SEE NOTES TO FINANCIAL STATEMENTS
<PAGE>
NORTECH FOREST TECHNOLOGIES, INC.
NOTES TO FINANCIAL STATEMENTS
SIX MONTHS ENDED JUNE 30, 1998 (UNAUDITED)
1. CONDENSED FINANCIAL STATEMENTS
The financial statements included herein have been prepared by Nortech
Forest Technologies, Inc., a Delaware corporation, without audit,
pursuant to the rules and regulations of the Securities and Exchange
Commission. Certain information and note disclosures normally included
in financial statements prepared in accordance with generally accepted
accounting principles have been condensed or omitted as allowed by such
rules and regulations. Nortech Forest Technologies, Inc. believes that
the disclosures are adequate to make the information presented not
misleading. It is suggested that these unaudited financial statements
be read in conjunction with the December 31, 1997 audited financial
statements and the accompanying notes thereto. Although audited, the
balance sheet at December 31, 1997 does not include the information and
notes required by generally accepted accounting principles for complete
financial statements. Although management believes the procedures
followed in preparing these financial statements are reasonable, the
accuracy of the amounts are in some respects dependent upon the facts
that will exist and procedures that will be accomplished by Nortech
Forest Technologies, Inc. later in the year.
Management of Nortech Forest Technologies, Inc. believes that the
accompanying unaudited condensed financial statements contain all
adjustments (including normal recurring adjustments) necessary to
present fairly the operations and cash flows for the periods presented.
2. REVERSE SPLIT
At the Company's 1996 Annual Meeting of Stockholders held on April 30,
1996, the Company's stockholders approved, among other proposals, a
proposal to effect a one-for-four reverse stock split of the Company's
issued and outstanding Common Stock and an amendment to the Company's
Certificate of Incorporation to reduce the post-split authorized shares
of Common Stock from 15,000,000 to 3,750,000 and the Preferred Stock
from 2,000,000 shares to 500,000 shares. The effective date of the
one-for-four reverse split May 24, 1996, and the unaudited financial
statements enclosed herewith reflect said adjustment for the number of
shares of outstanding Common Stock.
3. EQUITY
May 24, 1998 400,000 shares of Nortech stock were sold as part of a
subscription agreement with a note receivable of $120,000.
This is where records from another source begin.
Lemma grid_step_fun (g : R -> R) (a d : R) (val : nat -> R) :
  0 < d ->
  (forall k x, a + INR k * d < x < a + INR (S k) * d -> g x = val k) ->
  forall n, {pr : IsStepFun g a (a + INR (S n) * d) &
             RiemannInt_SF (mkStepFun pr) = d * sum_f_R0 val n}.
Proof.
  intros Hd Hg. induction n as [|n [pr Hpr]].
  - assert (Hcell : a < a + INR 1 * d) by (simpl; lra).
    assert (Hg0 : forall x, a < x < a + INR 1 * d -> g x = val 0%nat).
    { intros x Hx. apply Hg. simpl in *. lra. }
    exists (cell_step_fun g _ _ (val 0%nat) Hcell Hg0).
    rewrite cell_step_fun_integral. simpl. ring.
  - assert (Hcell : a + INR (S n) * d < a + INR (S (S n)) * d)
      by (rewrite (S_INR (S n)); lra).
    assert (Ha : a <= a + INR (S n) * d) by (pose proof (pos_INR (S n)); nra).
    set (last := cell_step_fun g _ _ (val (S n)) Hcell (Hg (S n))).
    exists (StepFun_P41 Ha (Rlt_le _ _ Hcell) pr last).
    rewrite <- (StepFun_P43 pr last), Hpr.
    change (RiemannInt_SF {| fe := g; pre := last |})
      with (RiemannInt_SF (mkStepFun last)).
    unfold last. rewrite cell_step_fun_integral, tech5, (S_INR (S n)). ring.
Qed.

Definition grid_floor (a d x : R) : R := a + d * IZR (Int_part ((x - a) / d)).

Lemma grid_floor_bounds a d x : 0 < d -> grid_floor a d x <= x < grid_floor a d x + d.
Proof.
  intros Hd. unfold grid_floor. destruct (base_Int_part ((x - a) / d)) as [H1 H2].
  set (z := IZR (Int_part ((x - a) / d))) in *.
  assert (d * ((x - a) / d) = x - a) by (field; lra).
  split; nra.
Qed.

Lemma grid_floor_on_cell a d x k : 0 < d -> a + INR k * d < x < a + INR (S k) * d ->
  grid_floor a d x = a + INR k * d.
Proof.
  intros Hd Hx. unfold grid_floor.
  assert (Hr : INR k < (x - a) / d < INR k + 1).
  { rewrite S_INR in Hx.
    split; apply (Rmult_lt_reg_r d); try lra;
      unfold Rdiv; rewrite Rmult_assoc, Rinv_l; lra. }
  assert (Hup : (Z.of_nat k + 1)%Z = up ((x - a) / d)).
  { apply tech_up; rewrite plus_IZR, <- INR_IZR_INZ; simpl; lra. }
  unfold Int_part. rewrite <- Hup.
  replace (Z.of_nat k + 1 - 1)%Z with (Z.of_nat k) by lia.
  rewrite <- INR_IZR_INZ. ring.
Qed.

Lemma telescoping_sum (h : R -> R) (a d : R) n :
  sum_f_R0 (fun k => h (a + INR k * d) - h (a + INR (S k) * d)) n
  = h a - h (a + INR (S n) * d).
Proof.
  induction n as [|n IH].
  - simpl. replace (a + 0 * d) with a by ring. ring.
  - rewrite tech5, IH. ring.
Qed.

(* For nonincreasing f, the grid-floor function approximates f from above, with
   error bounded by the grid oscillation, whose integral telescopes to d (f a - f b). *)
Lemma nonincreasing_step_approx (f : R -> R) (a d : R) (n : nat) :
  (forall x y, x <= y -> f y <= f x) -> 0 < d ->
  {phi : StepFun a (a + INR (S n) * d) & {psi : StepFun a (a + INR (S n) * d) |
    (forall t, Rabs (f t - phi t) <= psi t) /\
    RiemannInt_SF psi = d * (f a - f (a + INR (S n) * d))}}.
Proof.
  intros Hf Hd.
  destruct (grid_step_fun (fun x => f (grid_floor a d x)) a d
              (fun k => f (a + INR k * d)) Hd) with (n := n) as [prphi _].
  { intros k x Hx. cbv beta. rewrite (grid_floor_on_cell a d x k Hd Hx). reflexivity. }
  destruct (grid_step_fun (fun x => f (grid_floor a d x) - f (grid_floor a d x + d)) a d
              (fun k => f (a + INR k * d) - f (a + INR (S k) * d)) Hd) with (n := n)
    as [prpsi Hpsi].
  { intros k x Hx. cbv beta. rewrite (grid_floor_on_cell a d x k Hd Hx), S_INR.
    do 2 f_equal. ring. }
  exists (mkStepFun prphi), (mkStepFun prpsi). split.
  - intros t. simpl. destruct (grid_floor_bounds a d t Hd).
    assert (f t <= f (grid_floor a d t)) by (apply Hf; lra).
    assert (f (grid_floor a d t + d) <= f t) by (apply Hf; lra).
    rewrite Rabs_left1; lra.
  - rewrite Hpsi, telescoping_sum. reflexivity.
Qed.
4. SEASONAL NATURE OF SALES
Although the Company has insignificant sales history, management
believes that, under normal circumstances, the Company will experience
seasonal demand for its products. The Company believes that peak sales
are most likely to occur just prior to customers' applications of TREE
GUARD during the spring and fall. Other seasonal factors are weather
conditions in areas which freeze, and the buying patterns of certain
distribution channels.
5. GOING CONCERN
As stated in Note 18 of the Company`s audited financial statements for
the year ended December 31, 1997, such audited financial statements
were prepared on a going concern basis which contemplated the
realization of assets and satisfaction of liabilities in the normal
course of business. The Company incurred losses of $333,867 in 1997,
$163,795 in 1996 and $542,950 in 1995. As of June 30, 1998, the Company
has accumulated losses of $49,010 for the first six months of 1998 for
a total loss accumulated loss of $1,798,248.
<PAGE>
NORTECH FOREST TECHNOLOGIES, INC.
MANAGEMENT DISCUSSION & ANALYSIS
SIX MONTHS ENDED JUNE 30, 1998 (UNAUDITED)
The following discussion and analysis provides information that management
believes is relevant to an assessment and understanding of the Company's results
of operations and financial condition.
Certain statements contained herein are forward-looking statements within the
meaning of the Securities Act of 1933 and the Securities and Exchange Act of
1934 that involve a number of risks and uncertainties. Such forward-looking
information may be indicated by words such as will, may be, expects or
anticipates. In addition to the factors discussed herein, among the other
factors that could cause the Company's actual results to differ materially from
current expectations are the following: business conditions and growth in the
plant protection industry and the general economy; competitive factors such as
rival manufacturers and sellers of plant and tree protection products and price
pressures; availability of product component chemicals at reasonable prices;
inventory risks due to shifts in market demand; and risks presented from time to
time in reports filed by the Company with the Securities and Exchange
Commission, including, but not limited to the Company's annual report on Form
10-KSB for the year ended December 31, 1997.
GENERAL
The Company manufactures and markets TREE GUARD(R), a proprietary, ready-to-use
product that the Company developed to deter deer and other animals and wildlife
from browsing and destroying value-added trees, shrubs, flowering ornamentals,
and other landscape and forest resources. The Company manufactures substantially
the same product as TREE GUARD, which is packaged and sold under two alterate
brands labeled as "THIS 1 WORKS" DEER REPELLENT and the "Grants Repels Deer"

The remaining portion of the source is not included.